- Problem statement
Could you reproduce, from the records below, everything from the line with "From Coquelicot Require Import Coquelicot." down to the line with "Open Scope R_scope.", keeping both of those lines and changing nothing?
++++ Exercise data
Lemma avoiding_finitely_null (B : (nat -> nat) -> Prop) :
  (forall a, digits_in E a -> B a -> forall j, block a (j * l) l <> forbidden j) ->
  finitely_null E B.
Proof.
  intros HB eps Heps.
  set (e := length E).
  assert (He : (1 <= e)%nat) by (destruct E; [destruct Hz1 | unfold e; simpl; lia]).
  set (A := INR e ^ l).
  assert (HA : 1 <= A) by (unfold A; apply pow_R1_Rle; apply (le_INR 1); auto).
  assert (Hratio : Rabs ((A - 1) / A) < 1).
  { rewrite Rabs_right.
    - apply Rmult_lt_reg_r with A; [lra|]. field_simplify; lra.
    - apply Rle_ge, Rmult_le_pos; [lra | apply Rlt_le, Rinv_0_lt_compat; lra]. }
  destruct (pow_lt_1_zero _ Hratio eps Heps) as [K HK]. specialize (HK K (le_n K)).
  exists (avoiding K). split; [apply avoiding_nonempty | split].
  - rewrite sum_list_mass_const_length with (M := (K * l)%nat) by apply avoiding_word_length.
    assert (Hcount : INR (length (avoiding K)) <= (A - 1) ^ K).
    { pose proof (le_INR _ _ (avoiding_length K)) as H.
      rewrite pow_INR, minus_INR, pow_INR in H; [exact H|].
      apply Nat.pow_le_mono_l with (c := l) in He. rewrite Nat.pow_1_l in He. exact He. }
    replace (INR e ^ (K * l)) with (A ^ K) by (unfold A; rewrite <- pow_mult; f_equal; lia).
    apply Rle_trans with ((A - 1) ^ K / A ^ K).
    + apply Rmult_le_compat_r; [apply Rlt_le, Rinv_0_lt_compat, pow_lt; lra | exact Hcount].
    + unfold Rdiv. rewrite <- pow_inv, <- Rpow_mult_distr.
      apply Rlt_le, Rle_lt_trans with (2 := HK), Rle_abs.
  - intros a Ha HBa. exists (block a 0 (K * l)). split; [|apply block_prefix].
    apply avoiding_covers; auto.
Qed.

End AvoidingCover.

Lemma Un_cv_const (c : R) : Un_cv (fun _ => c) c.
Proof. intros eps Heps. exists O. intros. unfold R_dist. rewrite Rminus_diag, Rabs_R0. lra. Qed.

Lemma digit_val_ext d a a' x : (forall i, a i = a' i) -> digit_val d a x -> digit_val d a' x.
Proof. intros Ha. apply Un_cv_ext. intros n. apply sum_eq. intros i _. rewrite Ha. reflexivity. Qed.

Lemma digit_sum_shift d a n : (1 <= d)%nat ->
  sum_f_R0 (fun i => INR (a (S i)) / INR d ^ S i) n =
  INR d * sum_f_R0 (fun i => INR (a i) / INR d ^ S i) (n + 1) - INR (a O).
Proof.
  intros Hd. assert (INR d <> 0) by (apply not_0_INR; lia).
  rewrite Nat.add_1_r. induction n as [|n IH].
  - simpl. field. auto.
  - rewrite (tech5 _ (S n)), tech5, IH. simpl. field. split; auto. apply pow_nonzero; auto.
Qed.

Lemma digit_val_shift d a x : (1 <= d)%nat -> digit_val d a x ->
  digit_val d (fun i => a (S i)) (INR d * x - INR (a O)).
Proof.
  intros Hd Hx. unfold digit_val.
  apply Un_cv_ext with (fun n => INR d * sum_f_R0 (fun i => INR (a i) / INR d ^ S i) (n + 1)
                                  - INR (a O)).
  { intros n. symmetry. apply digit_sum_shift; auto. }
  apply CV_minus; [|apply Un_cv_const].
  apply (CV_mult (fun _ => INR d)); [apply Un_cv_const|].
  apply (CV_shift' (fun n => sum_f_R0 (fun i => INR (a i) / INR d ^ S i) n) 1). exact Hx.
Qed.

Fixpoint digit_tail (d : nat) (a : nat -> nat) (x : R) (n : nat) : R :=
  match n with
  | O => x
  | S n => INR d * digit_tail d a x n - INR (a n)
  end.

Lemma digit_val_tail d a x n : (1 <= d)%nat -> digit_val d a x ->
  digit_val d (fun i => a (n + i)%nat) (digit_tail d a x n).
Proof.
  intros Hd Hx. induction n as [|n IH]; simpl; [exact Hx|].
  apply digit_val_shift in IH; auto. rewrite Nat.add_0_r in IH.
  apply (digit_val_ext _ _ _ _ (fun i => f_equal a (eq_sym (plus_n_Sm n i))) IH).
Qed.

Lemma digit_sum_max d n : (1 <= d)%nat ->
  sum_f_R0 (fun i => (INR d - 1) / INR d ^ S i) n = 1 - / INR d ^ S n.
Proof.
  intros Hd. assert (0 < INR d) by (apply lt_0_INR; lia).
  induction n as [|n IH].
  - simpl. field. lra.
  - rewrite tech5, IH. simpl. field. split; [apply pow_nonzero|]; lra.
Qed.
++++++++
++++ Exercise data
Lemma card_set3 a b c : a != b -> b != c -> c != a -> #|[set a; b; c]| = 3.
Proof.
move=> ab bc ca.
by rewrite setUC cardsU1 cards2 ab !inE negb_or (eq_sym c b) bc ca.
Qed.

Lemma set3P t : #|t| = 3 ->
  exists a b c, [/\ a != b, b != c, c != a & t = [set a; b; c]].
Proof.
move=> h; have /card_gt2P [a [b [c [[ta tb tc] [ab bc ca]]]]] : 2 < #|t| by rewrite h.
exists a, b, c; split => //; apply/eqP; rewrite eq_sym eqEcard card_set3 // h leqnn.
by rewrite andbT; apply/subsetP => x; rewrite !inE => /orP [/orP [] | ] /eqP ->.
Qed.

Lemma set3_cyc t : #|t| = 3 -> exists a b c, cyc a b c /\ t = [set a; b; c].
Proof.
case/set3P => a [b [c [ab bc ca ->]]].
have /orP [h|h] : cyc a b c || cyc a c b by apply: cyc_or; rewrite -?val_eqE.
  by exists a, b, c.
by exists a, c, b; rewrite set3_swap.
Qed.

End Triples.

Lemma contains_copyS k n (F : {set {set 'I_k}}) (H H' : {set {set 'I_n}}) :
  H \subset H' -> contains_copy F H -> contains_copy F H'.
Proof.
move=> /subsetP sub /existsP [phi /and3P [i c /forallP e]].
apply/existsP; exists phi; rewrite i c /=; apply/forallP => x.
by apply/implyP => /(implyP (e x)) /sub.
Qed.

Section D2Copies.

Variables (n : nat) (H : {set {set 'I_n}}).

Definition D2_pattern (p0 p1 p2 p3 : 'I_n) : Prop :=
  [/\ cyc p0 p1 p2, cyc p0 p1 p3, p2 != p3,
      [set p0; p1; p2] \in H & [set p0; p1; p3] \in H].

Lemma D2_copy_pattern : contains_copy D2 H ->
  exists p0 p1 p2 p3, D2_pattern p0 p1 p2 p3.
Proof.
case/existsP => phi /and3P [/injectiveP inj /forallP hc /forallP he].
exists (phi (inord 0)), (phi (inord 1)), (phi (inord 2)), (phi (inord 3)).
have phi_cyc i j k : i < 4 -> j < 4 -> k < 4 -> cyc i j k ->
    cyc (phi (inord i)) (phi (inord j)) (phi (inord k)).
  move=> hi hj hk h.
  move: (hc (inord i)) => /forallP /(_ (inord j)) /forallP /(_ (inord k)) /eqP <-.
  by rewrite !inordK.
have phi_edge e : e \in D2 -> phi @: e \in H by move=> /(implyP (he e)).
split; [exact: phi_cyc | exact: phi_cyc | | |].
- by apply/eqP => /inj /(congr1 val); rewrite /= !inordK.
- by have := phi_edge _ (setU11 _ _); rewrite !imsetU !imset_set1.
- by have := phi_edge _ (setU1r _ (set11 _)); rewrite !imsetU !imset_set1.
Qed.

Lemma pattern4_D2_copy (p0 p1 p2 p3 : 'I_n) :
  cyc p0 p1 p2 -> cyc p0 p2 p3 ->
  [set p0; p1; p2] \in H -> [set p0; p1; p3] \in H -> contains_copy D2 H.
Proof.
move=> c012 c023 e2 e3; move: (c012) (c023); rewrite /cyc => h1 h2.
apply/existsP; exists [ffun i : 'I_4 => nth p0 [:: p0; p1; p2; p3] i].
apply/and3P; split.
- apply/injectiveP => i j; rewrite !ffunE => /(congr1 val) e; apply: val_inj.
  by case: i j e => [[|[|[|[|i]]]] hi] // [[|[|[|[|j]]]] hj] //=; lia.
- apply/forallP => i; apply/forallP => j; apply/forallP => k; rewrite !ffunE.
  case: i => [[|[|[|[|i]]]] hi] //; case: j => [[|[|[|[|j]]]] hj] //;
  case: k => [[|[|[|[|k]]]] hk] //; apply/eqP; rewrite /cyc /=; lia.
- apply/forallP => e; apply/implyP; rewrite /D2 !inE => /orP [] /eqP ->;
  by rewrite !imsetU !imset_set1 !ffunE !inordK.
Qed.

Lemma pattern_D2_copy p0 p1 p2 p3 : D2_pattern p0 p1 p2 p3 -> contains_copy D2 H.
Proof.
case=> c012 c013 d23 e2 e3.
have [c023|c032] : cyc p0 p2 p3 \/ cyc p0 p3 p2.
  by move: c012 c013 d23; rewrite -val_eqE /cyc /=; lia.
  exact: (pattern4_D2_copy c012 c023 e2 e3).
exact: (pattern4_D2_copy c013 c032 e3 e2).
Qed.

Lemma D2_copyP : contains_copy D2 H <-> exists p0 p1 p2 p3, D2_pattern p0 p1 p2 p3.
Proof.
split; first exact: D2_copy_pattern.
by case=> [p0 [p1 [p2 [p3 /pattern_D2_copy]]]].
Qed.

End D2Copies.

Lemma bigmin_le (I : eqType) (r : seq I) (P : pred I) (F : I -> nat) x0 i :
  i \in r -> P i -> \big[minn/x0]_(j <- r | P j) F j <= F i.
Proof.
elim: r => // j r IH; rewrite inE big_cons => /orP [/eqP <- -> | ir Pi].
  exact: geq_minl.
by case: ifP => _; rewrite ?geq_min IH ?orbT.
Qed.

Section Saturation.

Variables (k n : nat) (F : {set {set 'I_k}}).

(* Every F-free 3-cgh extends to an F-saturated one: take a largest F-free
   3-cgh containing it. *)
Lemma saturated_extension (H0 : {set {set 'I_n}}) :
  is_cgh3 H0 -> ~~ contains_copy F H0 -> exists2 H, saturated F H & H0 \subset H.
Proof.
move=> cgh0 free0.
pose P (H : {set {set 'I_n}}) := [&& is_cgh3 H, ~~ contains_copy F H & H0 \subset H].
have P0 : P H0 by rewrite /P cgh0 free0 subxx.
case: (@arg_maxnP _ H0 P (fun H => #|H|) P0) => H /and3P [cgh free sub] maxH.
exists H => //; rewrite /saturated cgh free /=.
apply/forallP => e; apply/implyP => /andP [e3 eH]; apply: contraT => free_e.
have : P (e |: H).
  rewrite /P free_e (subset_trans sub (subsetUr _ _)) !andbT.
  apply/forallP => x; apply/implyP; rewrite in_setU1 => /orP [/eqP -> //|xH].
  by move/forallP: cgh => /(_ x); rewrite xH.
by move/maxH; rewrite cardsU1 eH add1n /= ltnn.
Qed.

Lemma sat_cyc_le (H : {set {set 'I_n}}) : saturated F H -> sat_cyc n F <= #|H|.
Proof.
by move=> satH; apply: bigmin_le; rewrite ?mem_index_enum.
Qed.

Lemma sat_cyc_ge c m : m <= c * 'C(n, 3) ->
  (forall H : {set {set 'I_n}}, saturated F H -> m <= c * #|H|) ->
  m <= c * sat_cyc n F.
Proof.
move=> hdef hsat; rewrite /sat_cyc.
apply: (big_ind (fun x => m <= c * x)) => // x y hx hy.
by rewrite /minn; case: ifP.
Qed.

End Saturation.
++++++++
++++ Exercise data
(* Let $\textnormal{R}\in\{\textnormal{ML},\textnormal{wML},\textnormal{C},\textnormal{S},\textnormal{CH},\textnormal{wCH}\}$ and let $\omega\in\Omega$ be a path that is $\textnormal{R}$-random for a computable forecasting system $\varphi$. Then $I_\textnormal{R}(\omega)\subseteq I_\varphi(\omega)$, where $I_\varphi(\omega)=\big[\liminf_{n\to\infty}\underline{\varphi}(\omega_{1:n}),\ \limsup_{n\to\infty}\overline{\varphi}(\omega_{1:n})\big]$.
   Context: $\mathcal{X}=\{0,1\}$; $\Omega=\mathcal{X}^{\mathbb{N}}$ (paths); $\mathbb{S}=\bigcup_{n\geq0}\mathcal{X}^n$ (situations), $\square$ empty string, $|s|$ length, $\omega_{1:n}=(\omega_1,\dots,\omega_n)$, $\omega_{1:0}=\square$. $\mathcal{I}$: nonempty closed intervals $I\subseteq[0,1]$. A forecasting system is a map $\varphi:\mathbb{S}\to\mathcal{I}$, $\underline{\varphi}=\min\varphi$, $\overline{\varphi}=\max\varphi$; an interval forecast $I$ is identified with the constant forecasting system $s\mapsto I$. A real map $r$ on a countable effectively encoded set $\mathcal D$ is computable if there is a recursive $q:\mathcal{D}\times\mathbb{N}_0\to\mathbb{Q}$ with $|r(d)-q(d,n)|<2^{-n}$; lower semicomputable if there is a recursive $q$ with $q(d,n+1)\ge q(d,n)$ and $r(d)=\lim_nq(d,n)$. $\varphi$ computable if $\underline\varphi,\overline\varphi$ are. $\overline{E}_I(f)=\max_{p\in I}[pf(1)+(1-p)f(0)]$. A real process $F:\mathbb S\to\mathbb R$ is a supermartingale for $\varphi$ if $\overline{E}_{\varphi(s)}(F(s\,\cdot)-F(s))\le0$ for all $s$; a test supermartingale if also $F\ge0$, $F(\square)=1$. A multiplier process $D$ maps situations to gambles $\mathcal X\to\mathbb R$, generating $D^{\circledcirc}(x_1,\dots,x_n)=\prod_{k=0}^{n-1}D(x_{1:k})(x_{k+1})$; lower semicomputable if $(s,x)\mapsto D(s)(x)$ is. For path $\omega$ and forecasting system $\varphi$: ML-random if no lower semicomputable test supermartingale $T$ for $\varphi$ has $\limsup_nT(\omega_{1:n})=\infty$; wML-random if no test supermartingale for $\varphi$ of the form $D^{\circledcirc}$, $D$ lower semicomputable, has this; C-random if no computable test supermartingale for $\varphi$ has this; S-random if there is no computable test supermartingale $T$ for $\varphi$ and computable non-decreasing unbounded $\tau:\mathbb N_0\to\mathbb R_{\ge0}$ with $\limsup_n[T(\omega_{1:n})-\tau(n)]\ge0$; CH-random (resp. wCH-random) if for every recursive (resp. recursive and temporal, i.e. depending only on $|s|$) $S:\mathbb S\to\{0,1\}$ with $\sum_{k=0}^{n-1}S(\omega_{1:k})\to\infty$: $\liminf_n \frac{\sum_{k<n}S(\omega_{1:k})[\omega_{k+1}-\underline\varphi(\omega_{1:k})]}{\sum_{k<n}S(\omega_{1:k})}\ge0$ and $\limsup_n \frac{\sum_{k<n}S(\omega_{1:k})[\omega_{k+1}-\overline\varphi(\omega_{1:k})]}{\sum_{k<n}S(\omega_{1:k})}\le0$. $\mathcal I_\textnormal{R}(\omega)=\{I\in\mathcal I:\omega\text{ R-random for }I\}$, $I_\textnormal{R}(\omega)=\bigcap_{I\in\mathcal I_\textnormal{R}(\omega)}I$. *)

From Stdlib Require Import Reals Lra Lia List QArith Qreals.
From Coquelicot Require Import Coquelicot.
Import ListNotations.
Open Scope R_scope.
++++++++
- Answer section
From Coquelicot Require Import Coquelicot.
Import ListNotations.
Open Scope R_scope.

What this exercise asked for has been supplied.